(* Let $\gamma > 1.562$. Let $I$ be a $\gamma$-stable instance of the Euclidean Steiner tree problem. Then the (unique) optimal Steiner tree $\mathrm{OPT}$ of $I$ contains no Steiner points, i.e. every vertex of $\mathrm{OPT}$ is a terminal.
   Context: An instance of the Euclidean Steiner tree problem consists of a finite set $V \subset \mathbb{R}^d$ of points, a set $T \subseteq V$ of terminals, and the complete graph on $V$ with edge weights $w_{uv} = \|u - v\|$ (Euclidean distance). Points of $V \setminus T$ are called Steiner points. A Steiner tree is a tree in this complete graph whose vertex set contains all of $T$ (it may contain some Steiner points); its weight is the sum of the weights of its edges. For $\gamma > 1$, the instance is $\gamma$-stable if it has a minimum-weight Steiner tree $\mathrm{OPT}$ such that for every function $w' : V \times V \to \mathbb{R}_{\ge 0}$ with $w_{uv} \le w'_{uv} \le \gamma w_{uv}$ for all $u,v \in V$, every minimum-weight Steiner tree with respect to the weights $w'$ is equal to $\mathrm{OPT}$ (the perturbed weights $w'$ need not be Euclidean or even metric). *)

From HB Require Import structures.
From mathcomp Require Import all_boot all_order all_algebra.
From mathcomp Require Import reals.
Set Implicit Arguments. Unset Strict Implicit. Unset Printing Implicit Defensive.
Import Order.TTheory GRing.Theory Num.Theory.
Local Open Scope ring_scope.

Section Steiner.
Variables (R : realType) (d : nat) (V : finType).

Definition eucl_dist (x y : 'rV[R]_d) : R :=
  Num.sqrt (\sum_(i < d) (x ord0 i - y ord0 i) ^+ 2).

(* An edge of the complete graph on V is a 2-element subset {u,v} of V.
   Its Euclidean weight ||u - v|| (for a 2-set, the max over its pairs
   is exactly the distance between its two elements). *)
Definition eucl_weight (p : V -> 'rV[R]_d) (e : {set V}) : R :=
  \big[Num.max/0]_(u in e) \big[Num.max/0]_(v in e) eucl_dist (p u) (p v).

Definition adj (E : {set {set V}}) : rel V := fun x y => [set x; y] \in E.

Definition is_tree (Vt : {set V}) (E : {set {set V}}) : Prop :=
  [/\ Vt != set0,
      (forall e, e \in E -> #|e| = 2%N /\ e \subset Vt),
      (forall u v, u \in Vt -> v \in Vt -> connect (adj E) u v)
    & #|E| = (#|Vt| - 1)%N].

Definition is_steiner_tree (T : {set V}) (Vt : {set V}) (E : {set {set V}}) :=
  is_tree Vt E /\ T \subset Vt.

Definition tree_weight (w : {set V} -> R) (E : {set {set V}}) : R :=
  \sum_(e in E) w e.

Definition is_min_steiner_tree (w : {set V} -> R) (T : {set V})
    (Vt : {set V}) (E : {set {set V}}) : Prop :=
  is_steiner_tree T Vt E /\
  forall Vt' E', is_steiner_tree T Vt' E' -> tree_weight w E <= tree_weight w E'.

Definition gamma_stable (p : V -> 'rV[R]_d) (T : {set V}) (gamma : R) : Prop :=
  exists VO EO, is_min_steiner_tree (eucl_weight p) T VO EO /\
    forall w' : {set V} -> R,
      (forall e : {set V}, 0 <= w' e) ->
      (forall e : {set V}, #|e| = 2%N -> eucl_weight p e <= w' e <= gamma * eucl_weight p e) ->
      forall Vt E, is_min_steiner_tree w' T Vt E -> Vt = VO /\ E = EO.

End Steiner.

(** Suppose the optimal tree OPT has a Steiner point [s], with neighbours [N].
    Making the edges of OPT [gamma] times heavier keeps OPT the unique optimum, so
    every other Steiner tree [T'] satisfies [gamma w(OPT \ T') < w(T' \ OPT)].
    Replacing the edge [sb] by [ab] ([a, b] in [N]) gives [gamma |sb| < |ab|];
    deleting [s] and joining one neighbour [m] to all the others gives
    [gamma sum_a |sa| < sum_(a <> m) |ma|].  The first family of inequalities,
    against [sum_(a,b) |ab|^2 <= 2 |N| sum_a |sa|^2], forces [|N| <= 5].  For the
    neighbour [m] closest to [s], the triangle inequality makes the second one fail
    when [|N| <= 4]; when [|N| = 5], averaging it over all [m] and comparing with
    the same quadratic bound fails as soon as [gamma > 1.562]. *)

From HB Require Import structures.
From mathcomp Require Import all_boot all_order all_algebra.
From mathcomp Require Import reals boolp.
From mathcomp Require Import ring lra zify.
Import Order.TTheory GRing.Theory Num.Theory.
Local Open Scope ring_scope.
Set Implicit Arguments. Unset Strict Implicit. Unset Printing Implicit Defensive.

Section CauchySchwarz.
Variables (R : realFieldType) (I : finType).

Lemma CauchySchwarz_sum (a b : I -> R) :
  (\sum_i a i * b i) ^+ 2 <= (\sum_i a i ^+ 2) * (\sum_i b i ^+ 2).
Proof.
set A := \sum_i a i ^+ 2; set B := \sum_i b i ^+ 2; set C := \sum_i a i * b i.
have B_ge0 : 0 <= B by apply: sumr_ge0 => i _; exact: sqr_ge0.
have [B0 | B_neq0] := eqVneq B 0.
  have b0 i : b i = 0.
    apply/eqP; rewrite -sqrf_eq0; move/eqP: B0; rewrite psumr_eq0 => [/allP|j _].
      by move/(_ i (mem_index_enum _)).
    exact: sqr_ge0.
  by rewrite /C big1 ?expr0n ?B0 ?mulr0 // => i _; rewrite b0 mulr0.
have B_gt0 : 0 < B by rewrite lt_def B_neq0.
have : 0 <= \sum_i (a i * B - b i * C) ^+ 2 by apply: sumr_ge0 => i _; exact: sqr_ge0.
have -> : \sum_i (a i * B - b i * C) ^+ 2 = B * (A * B - C ^+ 2).
  rewrite (eq_bigr (fun i =>
      B ^+ 2 * a i ^+ 2 - (2 * B * C) * (a i * b i) + C ^+ 2 * b i ^+ 2)); last by move=> i _; ring.
  rewrite big_split big_split /= sumrN -!mulr_sumr -/A -/B -/C; ring.
rewrite pmulr_rge0 //; lra.
Qed.

End CauchySchwarz.

Lemma sum_sqr_pairsB (R : comRingType) (V : finType) (N : {set V}) (y : V -> R) :
  \sum_(a in N) \sum_(b in N) (y a - y b) ^+ 2 =
  2 * #|N|%:R * \sum_(a in N) y a ^+ 2 - 2 * (\sum_(a in N) y a) ^+ 2.
Proof.
have row_sum a : \sum_(b in N) (y a - y b) ^+ 2 =
    #|N|%:R * y a ^+ 2 + \sum_(b in N) y b ^+ 2 - 2 * y a * \sum_(b in N) y b.
  rewrite (eq_bigr (fun b => y a ^+ 2 + y b ^+ 2 - 2 * y a * y b)); last by move=> b _; ring.
  by rewrite !big_split /= sumrN sumr_const -mulr_sumr [#|N|%:R * _]mulr_natl.
under eq_bigr => a _ do rewrite row_sum.
rewrite !big_split /= sumrN -mulr_sumr -mulr_suml sumr_const -mulr_sumr -mulr_natl.
ring.
Qed.

Section EuclideanDistance.
Variables (R : realType) (d : nat).
Implicit Types x y z c : 'rV[R]_d.

Lemma eucl_dist_ge0 x y : 0 <= eucl_dist x y.
Proof. exact: sqrtr_ge0. Qed.

Lemma sqr_eucl_dist x y :
  eucl_dist x y ^+ 2 = \sum_i (x ord0 i - y ord0 i) ^+ 2.
Proof. by rewrite sqr_sqrtr // sumr_ge0 // => i _; exact: sqr_ge0. Qed.

Lemma eucl_distC x y : eucl_dist x y = eucl_dist y x.
Proof. by rewrite /eucl_dist; congr Num.sqrt; apply: eq_bigr => i _; ring. Qed.

Lemma eucl_distxx x : eucl_dist x x = 0.
Proof. by rewrite /eucl_dist big1 ?sqrtr0 // => i _; rewrite subrr expr0n. Qed.

Lemma eucl_dist_eq0 x y : (eucl_dist x y == 0) = (x == y).
Proof.
apply/idP/eqP => [|->]; last by rewrite eucl_distxx.
rewrite -sqrf_eq0 sqr_eucl_dist psumr_eq0 => [/allP xy|i _]; last exact: sqr_ge0.
apply/rowP => i; apply/eqP.
by rewrite -subr_eq0 -sqrf_eq0; apply: (implyP (xy i (mem_index_enum _))).
Qed.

● ● ● ● ●

Exercise brief -
Look above for the line that contains "Section CauchySchwarz.". Starting there, transcribe every line exactly until you have copied the line that contains "End CauchySchwarz.".

Response for this exercise -
Section CauchySchwarz.
Variables (R : realFieldType) (I : finType).

Lemma CauchySchwarz_sum (a b : I -> R) :
  (\sum_i a i * b i) ^+ 2 <= (\sum_i a i ^+ 2) * (\sum_i b i ^+ 2).
Proof.
set A := \sum_i a i ^+ 2; set B := \sum_i b i ^+ 2; set C := \sum_i a i * b i.
have B_ge0 : 0 <= B by apply: sumr_ge0 => i _; exact: sqr_ge0.
have [B0 | B_neq0] := eqVneq B 0.
  have b0 i : b i = 0.
    apply/eqP; rewrite -sqrf_eq0; move/eqP: B0; rewrite psumr_eq0 => [/allP|j _].
      by move/(_ i (mem_index_enum _)).
    exact: sqr_ge0.
  by rewrite /C big1 ?expr0n ?B0 ?mulr0 // => i _; rewrite b0 mulr0.
have B_gt0 : 0 < B by rewrite lt_def B_neq0.
have : 0 <= \sum_i (a i * B - b i * C) ^+ 2 by apply: sumr_ge0 => i _; exact: sqr_ge0.
have -> : \sum_i (a i * B - b i * C) ^+ 2 = B * (A * B - C ^+ 2).
  rewrite (eq_bigr (fun i =>
      B ^+ 2 * a i ^+ 2 - (2 * B * C) * (a i * b i) + C ^+ 2 * b i ^+ 2)); last by move=> i _; ring.
  rewrite big_split big_split /= sumrN -!mulr_sumr -/A -/B -/C; ring.
rewrite pmulr_rge0 //; lra.
Qed.

End CauchySchwarz.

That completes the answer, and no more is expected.